EXERCISE REQUIREMENTS: Once the line with "(map_mx Num.conj A)^T." is found in the entries below, print it and each following line exactly, stopping after the line with "forall X : tup"; print nothing else.

··· RECORD EXCERPTS

(* Consider only finite-dimensional Hilbert spaces $E$ (i.e. $E=\mathbb{C}^n$, $n\geq1$). Let $(D(E))$ be a free set with $D(E)\subseteq\mathcal{B}(E)^k$ such that each $D(E)$ contains an open neighborhood of $0$, and let $F:D(E)\to\mathcal{B}(E)$ be a free function which is complex-linear, i.e. $F(\alpha X+\beta Y)=\alpha F(X)+\beta F(Y)$ whenever $\alpha,\beta\in\mathbb{C}$ and $X,Y,\alpha X+\beta Y\in D(E)$. Then there exist $a_1,\dots,a_k\in\mathbb{C}$ (independent of $E$) such that $$F(X)=\sum_{j=1}^k a_jX_j\qquad\text{for all } X\in D(E)\text{ and all } E.$$
   Context: $\mathcal{B}(E)$: linear operators on $E$. A free set is a collection $(D(E))$ with $U^*D(E)U\subseteq D(K)$ for unitaries $U:K\to E$ (where $U^*XU=(U^*X_1U,\dots,U^*X_kU)$) and $D(E)\oplus D(K)\subseteq D(E\oplus K)$. A free function $F:D(E)\to\mathcal{B}(E)$ satisfies $F(U^*A_1U,\dots,U^*A_kU)=U^*F(A)U$ for unitaries $U$ and $F(A_1\oplus B_1,\dots,A_k\oplus B_k)=F(A)\oplus F(B)$. *)

(* Complex scalars: an arbitrary numClosedFieldType C. *)
From HB Require Import structures.
From mathcomp Require Import all_boot all_order all_algebra.
Set Implicit Arguments. Unset Strict Implicit. Unset Printing Implicit Defensive.
Import Order.TTheory GRing.Theory Num.Theory.
Local Open Scope ring_scope.

Definition adjmx (C : numClosedFieldType) (n : nat) (A : 'M[C]_n) : 'M[C]_n :=
  (map_mx Num.conj A)^T.

Definition unitary_mx (C : numClosedFieldType) (n : nat) (U : 'M[C]_n) : Prop :=
  adjmx U *m U = 1%:M /\ U *m adjmx U = 1%:M.

Definition tup (C : numClosedFieldType) (k n : nat) := 'I_k -> 'M[C]_n.

Definition free_set (C : numClosedFieldType) (k : nat)
  (D : forall n : nat, tup C k n -> Prop) : Prop :=
  (forall (n : nat) (U : 'M[C]_n) (X : tup C k n), (0 < n)%N ->
     unitary_mx U -> D n X -> D n (fun j => adjmx U *m X j *m U)) /\
  (forall (n m : nat) (X : tup C k n) (Y : tup C k m), (0 < n)%N -> (0 < m)%N ->
     D n X -> D m Y -> D (n + m)%N (fun j => block_mx (X j) 0 0 (Y j))).

Definition free_fun (C : numClosedFieldType) (k : nat)
  (D : forall n : nat, tup C k n -> Prop)
  (F : forall n : nat, tup C k n -> 'M[C]_n) : Prop :=
  (forall (n : nat) (U : 'M[C]_n) (X : tup C k n), (0 < n)%N ->
     unitary_mx U -> D n X ->
     F n (fun j => adjmx U *m X j *m U) = adjmx U *m F n X *m U) /\
  (forall (n m : nat) (X : tup C k n) (Y : tup C k m), (0 < n)%N -> (0 < m)%N ->
     D n X -> D m Y ->
     F (n + m)%N (fun j => block_mx (X j) 0 0 (Y j)) = block_mx (F n X) 0 0 (F m Y)).

(* D n contains an open neighbourhood of 0 in B(C^n)^k (entrywise sup norm,
   equivalent to any norm topology in finite dimension). *)
Definition contains_nbhd0 (C : numClosedFieldType) (k n : nat)
  (Dn : tup C k n -> Prop) : Prop :=
  exists eps : C, 0 < eps /\
    forall X : tup C k n, (forall j i l, `|X j i l| < eps) -> Dn X.

Definition linear_on (C : numClosedFieldType) (k : nat)
  (D : forall n : nat, tup C k n -> Prop)
  (F : forall n : nat, tup C k n -> 'M[C]_n) : Prop :=
  forall (n : nat) (a b : C) (X Y : tup C k n), (0 < n)%N ->
    D n X -> D n Y -> D n (fun j => a *: X j + b *: Y j) ->
    F n (fun j => a *: X j + b *: Y j) = a *: F n X + b *: F n Y.

From HB Require Import structures.
From mathcomp Require Import all_boot all_order all_algebra.
From mathcomp Require Import sesquilinear spectral.
From Stdlib Require Import FunctionalExtensionality ClassicalEpsilon.
Import Order.TTheory GRing.Theory Num.Theory.
Local Open Scope ring_scope.

(* Since D(E) contains a neighbourhood of 0, linearity lets us extend F by
   homogeneity, Fext X := c^-1 F(c X) for small c != 0, to a linear free
   function on all tuples.  For each j, A |-> Fext(0,..,A,..,0) is then a
   linear free function of one variable.  Such a map is scalar on 1x1
   matrices, hence by direct sums on diagonal matrices, hence by unitary
   invariance and the spectral theorem on normal matrices, hence everywhere,
   since every matrix is the sum (A + A^* )/2 + (A - A^* )/2 of two normal
   ones.  Summing over j gives F(X) = sum_j a_j X_j. *)

Section Adjoint.
Context {C : numClosedFieldType} {n : nat}.
Implicit Types A U : 'M[C]_n.

Lemma adjmxE A : adjmx A = (A ^t*)%sesqui.
Proof. by rewrite /adjmx map_trmx. Qed.

Lemma adjmxK A : adjmx (adjmx A) = A.
Proof. by apply/matrixP => i j; rewrite !mxE conjCK. Qed.

Lemma adjmxD A B : adjmx (A + B) = adjmx A + adjmx B.
Proof. by apply/matrixP => i j; rewrite !mxE rmorphD. Qed.

Lemma adjmxN A : adjmx (- A) = - adjmx A.
Proof. by apply/matrixP => i j; rewrite !mxE rmorphN. Qed.

Lemma normalmx_adjZ (c : C) A : adjmx A = c *: A -> A \is normalmx.
Proof.
by move=> adjA; apply/normalmxP; rewrite -adjmxE adjA -scalemxAl -scalemxAr.
Qed.

Lemma normalmx_addadj A : A + adjmx A \is normalmx.
Proof. by apply: (@normalmx_adjZ 1); rewrite scale1r adjmxD adjmxK addrC. Qed.

Lemma normalmx_subadj A : A - adjmx A \is normalmx.
Proof.
by apply: (@normalmx_adjZ (-1)); rewrite scaleN1r adjmxD adjmxN adjmxK opprB addrC.
Qed.

Lemma cartesian_splitmx A : A = 2^-1 *: (A + adjmx A) + 2^-1 *: (A - adjmx A).
Proof.
rewrite -scalerDr addrACA subrr addr0 -mulr2n -scaler_nat scalerA.
by rewrite mulVf ?pnatr_eq0 ?scale1r.
Qed.

Lemma unitarymx_unitary_mx U : U \is unitarymx -> unitary_mx U.
Proof.
move=> /unitarymxP UUt; have UtU := mulmx1C UUt.
by split; rewrite adjmxE.
Qed.

Lemma normalmx_unitary_diag A : A \is normalmx ->
  exists U (d : 'rV_n), unitary_mx U /\ A = adjmx U *m diag_mx d *m U.
Proof.
move=> /orthomx_spectralP defA; have Uu := spectral_unitarymx A.
exists (spectralmx A), (spectral_diag A); split; first exact: unitarymx_unitary_mx.
by rewrite adjmxE -invmx_unitary.
Qed.

End Adjoint.

Section FreeLinearMap.
Variables (C : numClosedFieldType) (g : forall n, 'M[C]_n -> 'M[C]_n).
Hypothesis g_linear : forall n (a b : C) A B, (0 < n)%N ->
  g n (a *: A + b *: B) = a *: g n A + b *: g n B.
Hypothesis g_unitary : forall n U A, (0 < n)%N -> unitary_mx U ->
  g n (adjmx U *m A *m U) = adjmx U *m g n A *m U.
Hypothesis g_block : forall n m A B, (0 < n)%N -> (0 < m)%N ->
  g (n + m)%N (block_mx A 0 0 B) = block_mx (g n A) 0 0 (g m B).

Local Notation a := (g 1%N 1%:M 0 0).

Lemma free_mapZ n c A : (0 < n)%N -> g n (c *: A) = c *: g n A.
Proof. by move=> n0; have := g_linear n c 0 A 0 n0; rewrite !scale0r !addr0. Qed.

Lemma free_map_mx1 (A : 'M_1) : g 1%N A = a *: A.
Proof.
have -> : A = A 0 0 *: 1%:M by rewrite scalemx1 -mx11_scalar.
by rewrite free_mapZ // scalerA mulrC -scalerA scalemx1 -mx11_scalar.
Qed.

Lemma free_map_diag m (d : 'rV_m.+1) : g m.+1 (diag_mx d) = a *: diag_mx d.
Proof.
elim: m d => [|m IH] d; first exact: free_map_mx1.
pose d' : 'rV_(1 + m.+1) := d.
have -> : diag_mx d = diag_mx (row_mx (lsubmx d') (rsubmx d')) by rewrite hsubmxK.
rewrite diag_mx_row (g_block 1 m.+1) // free_map_mx1 IH.
by have := scale_block_mx a (diag_mx (lsubmx d')) 0 0 (diag_mx (rsubmx d'));
  rewrite !scaler0 => ->.
Qed.

Lemma free_map_normal n A : (0 < n)%N -> A \is normalmx -> g n A = a *: A.
Proof.
case: n A => // m A _ /normalmx_unitary_diag [U [d [Uu ->]]].
by rewrite g_unitary // free_map_diag -scalemxAr -scalemxAl.
Qed.

Lemma free_mapE n A : (0 < n)%N -> g n A = a *: A.
Proof.
move=> n0; rewrite [in LHS](cartesian_splitmx A) g_linear //.
rewrite (free_map_normal _ _ n0 (normalmx_addadj A)).
rewrite (free_map_normal _ _ n0 (normalmx_subadj A)).
by rewrite !scalerA mulrC -!scalerA -scalerDr -(cartesian_splitmx A).
Qed.

End FreeLinearMap.

Definition tscale {C : numClosedFieldType} {k n : nat} (c : C) (X : tup C k n) :
  tup C k n := fun j => c *: X j.

Definition tdelta {C : numClosedFieldType} {k n : nat} (j : 'I_k) (A : 'M[C]_n) :
  tup C k n := fun i => (i == j)%:R *: A.

Definition near0 {C : numClosedFieldType} (P : C -> Prop) : Prop :=
  exists2 r : C, 0 < r & forall c, `|c| <= r -> P c.

Section Near0.
Context {C : numClosedFieldType}.
Implicit Types P Q : C -> Prop.

Lemma near0_and {P Q} : near0 P -> near0 Q -> near0 (fun c => P c /\ Q c).
Proof.
move=> [r1 r1_gt0 P1] [r2 r2_gt0 Q2].
have [le12|le21] := orP (real_leVge (gtr0_real r1_gt0) (gtr0_real r2_gt0)).
- by exists r1 => // c cr; split; [exact: P1 | apply: Q2; exact: le_trans le12].
- by exists r2 => // c cr; split; [apply: P1; exact: le_trans le21 | exact: Q2].
Qed.

Lemma near0_nonzero {P} : near0 P -> exists2 c, c != 0 & P c.
Proof.
by move=> [r r_gt0 Pr]; exists r; [rewrite lt0r_neq0 | apply: Pr; rewrite gtr0_norm].
Qed.

Lemma near0_tscale {k n} {Dn : tup C k n -> Prop} (X : tup C k n) :
  contains_nbhd0 Dn -> near0 (fun c => Dn (tscale c X)).
Proof.
move=> [eps [eps_gt0 ballD]].
pose S := \sum_(t : 'I_k * 'I_n * 'I_n) `|X t.1.1 t.1.2 t.2|.
have S_ge0 : 0 <= S by apply: sumr_ge0.
have leS j i l : `|X j i l| <= S by rewrite /S (bigD1 (j, i, l)) //= lerDl sumr_ge0.
have S1_gt0 : 0 < S + 1 by apply: ltr_wpDl S_ge0 ltr01.
exists (eps / (S + 1)) => [|c cr]; first by rewrite divr_gt0.
apply: ballD => j i l; rewrite mxE normrM.
apply: le_lt_trans (ler_pM (normr_ge0 _) (normr_ge0 _) cr (leS j i l)) _.
by rewrite mulrAC ltr_pdivrMr // ltr_pM2l // ltrDl.
Qed.

End Near0.

Lemma tup_sum_delta {C : numClosedFieldType} {k n} (X : tup C k n) :
  X = (fun i => \sum_(j < k) tdelta j (X j) i).
Proof.
apply: functional_extensionality => i; rewrite (bigD1 i) //= /tdelta eqxx scale1r.
rewrite big1 ?addr0 // => j /negbTE; rewrite eq_sym => ->; exact: scale0r.
Qed.

Section LinearExtension.
Context {C : numClosedFieldType} {k : nat} {D : forall n, tup C k n -> Prop}.
Context {F : forall n, tup C k n -> 'M[C]_n}.
Hypothesis freeD : free_set D.
Hypothesis nbhdD : forall n, (0 < n)%N -> contains_nbhd0 (D n).
Hypothesis freeF : free_fun D F.
Hypothesis linF : linear_on D F.

Lemma F_homogeneous n (X : tup C k n) c c' : (0 < n)%N -> c != 0 -> c' != 0 ->
  D n (tscale c X) -> D n (tscale c' X) ->
  c^-1 *: F n (tscale c X) = c'^-1 *: F n (tscale c' X).
Proof.
move=> n0 c0 c'0 DcX Dc'X.
have cc'X : (fun j => (c' / c) *: tscale c X j + 0 *: tscale c X j) = tscale c' X.
  by apply: functional_extensionality => j; rewrite /tscale scale0r addr0 scalerA divfK.
have := linF n (c' / c) 0 _ _ n0 DcX DcX; rewrite cc'X => /(_ Dc'X) ->.
by rewrite scale0r addr0 scalerA mulKf.
Qed.

Lemma tscale_witness {n} (X : tup C k n) :
  exists c, (0 < n)%N -> c != 0 /\ D n (tscale c X).
Proof.
case: n X => [|n] X; first by exists 0.
by have [c c0 DcX] := near0_nonzero (near0_tscale X (nbhdD n.+1 isT)); exists c.
Qed.

Definition Fext {n} (X : tup C k n) : 'M[C]_n :=
  let c := proj1_sig (constructive_indefinite_description _ (tscale_witness X)) in
  c^-1 *: F n (tscale c X).

Lemma FextE {n} (X : tup C k n) c : (0 < n)%N -> c != 0 -> D n (tscale c X) ->
  Fext X = c^-1 *: F n (tscale c X).
Proof.
move=> n0 c0 DcX; rewrite /Fext.
case: constructive_indefinite_description => c' /= /(_ n0) [c'0 Dc'X].
exact: F_homogeneous.
Qed.

Lemma Fext_eq {n} (X : tup C k n) : (0 < n)%N -> D n X -> Fext X = F n X.
Proof.
move=> n0 DX; have X1 : tscale 1 X = X.
  by apply: functional_extensionality => j; rewrite /tscale scale1r.
by rewrite (FextE X 1 n0) ?oner_eq0 ?X1 // invr1 scale1r.
Qed.

Lemma Fext_linear n (a b : C) (X Y : tup C k n) : (0 < n)%N ->
  Fext (fun j => a *: X j + b *: Y j) = a *: Fext X + b *: Fext Y.
Proof.
move=> n0; set Z := fun j => _.
have [c c0 [[DcX DcY] DcZ]] := near0_nonzero (near0_and
  (near0_and (near0_tscale X (nbhdD _ n0)) (near0_tscale Y (nbhdD _ n0)))
  (near0_tscale Z (nbhdD _ n0))).
have cZ : (fun j => a *: tscale c X j + b *: tscale c Y j) = tscale c Z.
  apply: functional_extensionality => j.
  by rewrite /tscale /Z scalerDr !scalerA (mulrC a) (mulrC b).
have := linF n a b _ _ n0 DcX DcY; rewrite cZ => /(_ DcZ) FcZ.
rewrite (FextE Z c n0) // (FextE X c n0) // (FextE Y c n0) // FcZ.
by rewrite scalerDr !scalerA (mulrC c^-1 a) (mulrC c^-1 b).
Qed.

Lemma Fext_unitary n U (X : tup C k n) : (0 < n)%N -> unitary_mx U ->
  Fext (fun j => adjmx U *m X j *m U) = adjmx U *m Fext X *m U.
Proof.
move=> n0 Uu; have [DU _] := freeD; have [FU _] := freeF.
have [c c0 DcX] := near0_nonzero (near0_tscale X (nbhdD _ n0)).
have cUX : tscale c (fun j => adjmx U *m X j *m U) =
           (fun j => adjmx U *m tscale c X j *m U).
  by apply: functional_extensionality => j; rewrite /tscale -scalemxAr -scalemxAl.
rewrite (FextE _ c n0 c0); last by rewrite cUX; exact: DU.
by rewrite cUX FU // (FextE X c n0 c0 DcX) -scalemxAr -scalemxAl.
Qed.

Lemma Fext_block n m (X : tup C k n) (Y : tup C k m) : (0 < n)%N -> (0 < m)%N ->
  Fext (fun j => block_mx (X j) 0 0 (Y j)) = block_mx (Fext X) 0 0 (Fext Y).
Proof.
move=> n0 m0; have [_ Dblk] := freeD; have [_ Fblk] := freeF.
have [c c0 [DcX DcY]] := near0_nonzero
  (near0_and (near0_tscale X (nbhdD _ n0)) (near0_tscale Y (nbhdD _ m0))).
have cXY : tscale c (fun j => block_mx (X j) 0 0 (Y j)) =
           (fun j => block_mx (tscale c X j) 0 0 (tscale c Y j)).
  by apply: functional_extensionality => j; rewrite /tscale scale_block_mx !scaler0.
have nm0 : (0 < n + m)%N by rewrite addn_gt0 n0.
rewrite (FextE _ c nm0 c0); last by rewrite cXY; exact: Dblk.
rewrite cXY Fblk // (FextE X c n0 c0 DcX) (FextE Y c m0 c0 DcY).
by rewrite scale_block_mx !scaler0.
Qed.

Lemma Fext_sum n (I : Type) (r : seq I) (f : I -> tup C k n) : (0 < n)%N ->
  Fext (fun i => \sum_(j <- r) f j i) = \sum_(j <- r) Fext (f j).
Proof.
move=> n0; elim: r => [|j r IH].
  have -> : (fun i => \sum_(j <- [::]) f j i) = (fun=> 0).
    by apply: functional_extensionality => i; rewrite big_nil.
  have := Fext_linear n 0 0 (fun=> 0) (fun=> 0) n0.
  by rewrite !scale0r addr0 big_nil.
have -> : (fun i => \sum_(j0 <- j :: r) f j0 i) =
          (fun i => 1 *: f j i + 1 *: \sum_(j0 <- r) f j0 i).
  by apply: functional_extensionality => i; rewrite big_cons !scale1r.
by rewrite Fext_linear // IH big_cons !scale1r.
Qed.

Lemma Fext_delta n j (A : 'M[C]_n) : (0 < n)%N ->
  Fext (tdelta j A) = Fext (tdelta j (1%:M : 'M_1)) 0 0 *: A.
Proof.
move=> n0; apply: (@free_mapE C (fun m B => Fext (tdelta j B))) n0 => {n A}.
- move=> n a b A B n0; rewrite -Fext_linear //; congr Fext.
  apply: functional_extensionality => i.
  by rewrite /tdelta scalerDr !scalerA (mulrC a) (mulrC b).
- move=> n U A n0 Uu; rewrite -Fext_unitary //; congr Fext.
  by apply: functional_extensionality => i; rewrite /tdelta -scalemxAr -scalemxAl.
- move=> n m A B n0 m0; rewrite -Fext_block //; congr Fext.
  by apply: functional_extensionality => i; rewrite /tdelta scale_block_mx !scaler0.
Qed.

End LinearExtension.

Theorem mainTheorem12 (C : numClosedFieldType) (k : nat)
  (D : forall n : nat, tup C k n -> Prop)
  (F : forall n : nat, tup C k n -> 'M[C]_n) :
  free_set D ->
  (forall n : nat, (0 < n)%N -> contains_nbhd0 (D n)) ->
  free_fun D F ->
  linear_on D F ->
  exists a : 'I_k -> C,
    forall (n : nat) (X : tup C k n), (0 < n)%N -> D n X ->
      F n X = \sum_(j < k) a j *: X j.
Proof.
move=> freeD nbhdD freeF linF.
exists (fun j => Fext (F := F) nbhdD (tdelta j (1%:M : 'M_1)) 0 0) => n X n0 DX.
rewrite -(Fext_eq nbhdD linF X n0 DX) {1}(tup_sum_delta X) Fext_sum //.
by apply: eq_bigr => j _; exact: Fext_delta.
Qed.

······

RESULT FOR THIS EXERCISE:
  (map_mx Num.conj A)^T.

Definition unitary_mx (C : numClosedFieldType) (n : nat) (U : 'M[C]_n) : Prop :=
  adjmx U *m U = 1%:M /\ U *m adjmx U = 1%:M.

Definition tup (C : numClosedFieldType) (k n : nat) := 'I_k -> 'M[C]_n.

Definition free_set (C : numClosedFieldType) (k : nat)
  (D : forall n : nat, tup C k n -> Prop) : Prop :=
  (forall (n : nat) (U : 'M[C]_n) (X : tup C k n), (0 < n)%N ->
     unitary_mx U -> D n X -> D n (fun j => adjmx U *m X j *m U)) /\
  (forall (n m : nat) (X : tup C k n) (Y : tup C k m), (0 < n)%N -> (0 < m)%N ->
     D n X -> D m Y -> D (n + m)%N (fun j => block_mx (X j) 0 0 (Y j))).

Definition free_fun (C : numClosedFieldType) (k : nat)
  (D : forall n : nat, tup C k n -> Prop)
  (F : forall n : nat, tup C k n -> 'M[C]_n) : Prop :=
  (forall (n : nat) (U : 'M[C]_n) (X : tup C k n), (0 < n)%N ->
     unitary_mx U -> D n X ->
     F n (fun j => adjmx U *m X j *m U) = adjmx U *m F n X *m U) /\
  (forall (n m : nat) (X : tup C k n) (Y : tup C k m), (0 < n)%N -> (0 < m)%N ->
     D n X -> D m Y ->
     F (n + m)%N (fun j => block_mx (X j) 0 0 (Y j)) = block_mx (F n X) 0 0 (F m Y)).

(* D n contains an open neighbourhood of 0 in B(C^n)^k (entrywise sup norm,
   equivalent to any norm topology in finite dimension). *)
Definition contains_nbhd0 (C : numClosedFieldType) (k n : nat)
  (Dn : tup C k n -> Prop) : Prop :=
  exists eps : C, 0 < eps /\
    forall X : tup C k n, (forall j i l, `|X j i l| < eps) -> Dn X.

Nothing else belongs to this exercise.